On Ricci Solitons as Quasi-Einstein metrics

Abstract

This thesis is the key to good understanding of differential geometry with para- Kenmotsu and Lorentzian Para- Sasakian structure and it is organized as follows. In chapter one, the preliminaries and definitions are introduced,where, Manifolds, differentiable structures, Riemannian Manifolds and Ricci flows are defined. In chapter two the relevant literature is reviewed and Propositions and theorems proved in area are included.

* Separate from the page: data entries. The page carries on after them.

(* Let $V, W$ be real Banach spaces and let $T$ be a bijective bounded linear operator on $V$ with $T^k = I$ for some integer $k \ge 1$. Let $f: [0,\infty) \times V \to V$ satisfy, for some $\Delta t > 0$, $$f(t, Tu) = T f(t + \Delta t, u) \quad \text{for all } u \in V,\ t \ge 0.$$ Suppose there is $\Theta \in GL(V,W)$ and $\lambda < 0$ with $M^\Theta(f_t) \le \lambda$ for all $t \ge 0$. Then for every solution $u$ of $\dot u = f(t,u)$ there is a $k\Delta t$-periodic function $p: [0,\infty) \to V$ with $\|u(t) - p(t)\| \to 0$ as $t \to \infty$; namely $p(t) = \lim_{n \to \infty} u(t + nk\Delta t)$, and this limit exists for every $t \ge 0$.
   Context: For a real Banach space $X$, the right semi-inner product is $(a,b)_+ := \|a\| \lim_{h \to 0^+} \frac{\|a + hb\| - \|a\|}{h}$. For $\Theta \in GL(V,W)$ (a bijective bounded linear operator) and $g: V \to V$, $M^\Theta(g) := \sup_{u \ne v \in V} \frac{(\Theta(u-v), \Theta(g(u) - g(v)))_+}{\|\Theta(u-v)\|_W^2}$. We write $f_t = f(t,\cdot)$. Solutions are continuously differentiable curves $[0,\infty) \to V$ satisfying the equation for all $t \ge 0$. *)

From HB Require Import structures.
From mathcomp Require Import all_boot all_order all_algebra.
From mathcomp Require Import all_classical all_reals all_analysis.
Set Implicit Arguments. Unset Strict Implicit. Unset Printing Implicit Defensive.
Import Order.TTheory GRing.Theory Num.Theory.
Import numFieldNormedType.Exports.
Local Open Scope classical_set_scope.
Local Open Scope ring_scope.

Definition rsip {R : realType} {W : normedModType R} (a b : W) : R :=
  `|a| * lim ((fun h : R => (`|a + h *: b| - `|a|) / h) @ 0^'+).

Definition MTheta {R : realType} {V W : normedModType R}
  (Theta : V -> W) (g : V -> V) : \bar R :=
  ereal_sup [set r : \bar R | exists u v : V, u <> v /\
     r = (rsip (Theta (u - v)) (Theta (g u - g v)) / `|Theta (u - v)| ^+ 2)%:E].

Definition isGL {R : realType} {V W : normedModType R} (Theta : {linear V -> W}) : Prop :=
  continuous Theta /\ bijective Theta.

(* u is a solution of u' = f(t,u) on [0,oo): continuously differentiable on
   [0,oo) (one-sided derivative at 0) with u'(t) = f t (u t) for all t >= 0. *)
Definition is_solution {R : realType} {V : normedModType R}
  (f : R -> V -> V) (u : R -> V) : Prop :=
  (forall t : R, 0 < t -> is_derive t 1 u (f t (u t))) /\
  ((fun h : R => h^-1 *: (u h - u 0)) @ 0^'+ --> f 0 (u 0)) /\
  {within `[0, +oo[, continuous (fun t => f t (u t))}.

(* Since T^k = I, the equivariance f(t, Tu) = T f(t + dt, u) makes f periodic
   in time with period K = k dt, so w(t) := u(t + K) solves the same equation.
   The bound M^Theta(f_t) <= lambda says that |Theta(u - w)| has right Dini
   derivative at most lambda |Theta(u - w)|; a continuity induction then gives
   |Theta(u(t) - w(t))| <= C e^(mu t) for every mu > lambda and
   C > |Theta(u(0) - w(0))|.  The bounded inverse theorem (derived from Baire's
   theorem) transfers this to |u(t + K) - u(t)|, so for mu = lambda / 2 < 0 the
   sequence u(t + nK) has geometrically decaying increments.  Its limit p(t) is
   K-periodic and |u(t) - p(t)| = O(e^(mu t)). *)

From HB Require Import structures.
From mathcomp Require Import all_boot all_order all_algebra.
From mathcomp Require Import all_classical all_reals all_analysis.
From mathcomp Require Import ring lra.
Import Order.TTheory GRing.Theory Num.Theory.
Import numFieldNormedType.Exports.
Local Open Scope classical_set_scope.
Local Open Scope ring_scope.

Section geometric_increments.
Context {R : realType}.

Lemma geometric_increments_dist {V : normedModType R} (x : nat -> V) (B q : R) :
  0 <= q -> q < 1 -> (forall n, `|x n.+1 - x n| <= B * q ^+ n) ->
  forall n m, `|x n - x (n + m)%N| <= B * q ^+ n / (1 - q).
Proof.
move=> q0 q1 dx n m.
have q1_gt0 : 0 < 1 - q by rewrite subr_gt0.
have B0 : 0 <= B by have := dx 0%N; rewrite expr0 mulr1; exact: le_trans.
suff : `|x n - x (n + m)%N| <= B * q ^+ n * (1 - q ^+ m) / (1 - q).
  move/le_trans; apply; rewrite ler_pM2r ?invr_gt0 //.
  by rewrite ler_piMr ?mulr_ge0 ?exprn_ge0 // lerBlDr lerDl exprn_ge0.
elim: m => [|m IHm]; first by rewrite addn0 subrr normr0 expr0 subrr mulr0 mul0r.
rewrite addnS; apply: le_trans (ler_distD (x (n + m)%N) _ _) _.
apply: le_trans (lerD IHm _) _; first by rewrite distrC; exact: dx.
rewrite [leLHS](_ : _ = B * q ^+ n * (1 - q ^+ m.+1) / (1 - q)) //.
rewrite exprD exprS; field; exact: lt0r_neq0.
Qed.

Context {V : completeNormedModType R}.
Variables (x : nat -> V) (B q : R).
Hypotheses (q0 : 0 <= q) (q1 : q < 1) (dx : forall n, `|x n.+1 - x n| <= B * q ^+ n).

Lemma cvgn_geometric_increments : cvgn x.
Proof.
apply/cauchy_cvgP/cauchy_exP => e e0.
have tail0 : (fun n => B * q ^+ n / (1 - q)) @ \oo --> 0.
  rewrite (_ : (fun n => _) = geometric (B / (1 - q)) q); last first.
    by apply: funext => n; rewrite /geometric /= mulrAC.
  by apply: cvg_geometric; rewrite ger0_norm.
have [N _ tailN] := (cvgrPdist_lt _ _).1 tail0 e e0.
exists (x N), N => // m /= Nm; rewrite -ball_normE /ball_ /= -(subnKC Nm).
apply: le_lt_trans (geometric_increments_dist _ _ _ q0 q1 dx N (m - N)) _.
by apply: le_lt_trans _ (tailN N (leqnn N)); rewrite sub0r normrN ler_norm.
Qed.

Lemma geometric_increments_dist_lim : `|x 0%N - limn x| <= B / (1 - q).
Proof.
have : (fun m => `|x 0%N - x m|) @ \oo --> `|x 0%N - limn x|.
  apply: cvg_norm; apply: cvgB; [exact: cvg_cst | exact: cvgn_geometric_increments].
move/cvgr_to_le; apply; apply: nearW => m.
by have := geometric_increments_dist _ _ _ q0 q1 dx 0 m; rewrite expr0 mulr1.
Qed.

End geometric_increments.

Section bounded_inverse.
Context {R : realType} {V W : completeNormedModType R} (Th : {linear V -> W}).
Hypotheses (cTh : continuous Th) (bTh : bijective Th).

Let closure_image_ball (n : nat) := closure (Th @` [set x | `|x| <= n%:R]).

Lemma closure_image_ball_has_ball :
  exists n y0 r, 0 < r /\ ball y0 r `<=` closure_image_ball n.
Proof.
(* The closed sets [closure_image_ball n] cover [W], so by Baire one of them
   has nonempty interior. *)
have [n nD] : exists n, ~ dense (~` closure_image_ball n).
  apply: contrapT => /forallNP allD.
  have dI : dense (\bigcap_n ~` closure_image_ball n).
    apply: Baire => n; split; last exact: contrapT.
    exact/closed_openC/closed_closure.
  have [y [_ /(_ _ I)]] := dI setT (ex_intro _ 0 I) openT.
  case: bTh => g _ gK.
  apply; apply: subset_closure; exists (g y); last exact: gK.
  exact/ltW/truncnS_gt.
have [U [[y0 [oU Uy0]] UD]] := denseNE nD.
have /nbhs_ballP [r /= r0 rU] : nbhs y0 U by exact: open_nbhs_nbhs.
exists n, y0, r; split => // y /rU Uy; apply: contrapT => Dy.
by have : (U `&` ~` closure_image_ball n) y by []; rewrite UD.
Qed.

Lemma closure_image_ball_approx n y e : closure_image_ball n y -> 0 < e ->
  exists x, `|x| <= n%:R /\ `|Th x - y| < e.
Proof.
move=> Dy e0; have [_ [[x xn <-] yx]] := Dy _ (nbhsx_ballx y _ e0).
by exists x; split => //; rewrite distrC; move: yx; rewrite -ball_normE.
Qed.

In chapter three, Ricci solitons on para- Kenmotsu Manifolds satisfying (ξ,.)s.W8 = 0 and (ξ,.)W8.S = 0 are discussed and we have proved that the Para- Kenmotsu manifolds satisfying (ξ,.)W8.S = 0. are quasi- Einstein Manifolds and those satisfying (ξ,.)S.W8 = 0, are Einstein Manifolds.Also it has been proved that the para- Kenmotsu manifolds with cyclic Ricci tensor and η− Ricci soliton structure are quasi-Einstein manifolds . In chapter four, Ricci solitons on Lorentzian Para- Sasakian manifolds satisfying (ξ,.)s.W8 = 0 and (ξ,.)W8.S = 0 are treated and it has been proved that Lorentzian ParaSasakian manifolds satisfying (ξ,.)s.W8 = 0 and having η− Ricci soliton structure are quasi-Einstein manifolds and those satisfying (ξ,.)W8.S = 0 are Einstein manifolds. In chapter five, we discuss Ricci solitons on Lorentzian Para- Sasakian manifolds satisfying (ξ,.)s.W2 = 0 and (ξ,.)W2.S = 0 and it was found that, Lorentzian Para- Sasakian manifolds satisfying (ξ,.)s.W2 = 0 and having η− Ricci soliton structure are Einstein or quasi-Einstein manifolds according to the value of µ and λ. In Chapter six, results are discussed and the connection between Ricci solitons and Einstein metrics on ParaKenmotsu and Lorentzian Para Sasakian Manifolds has been established.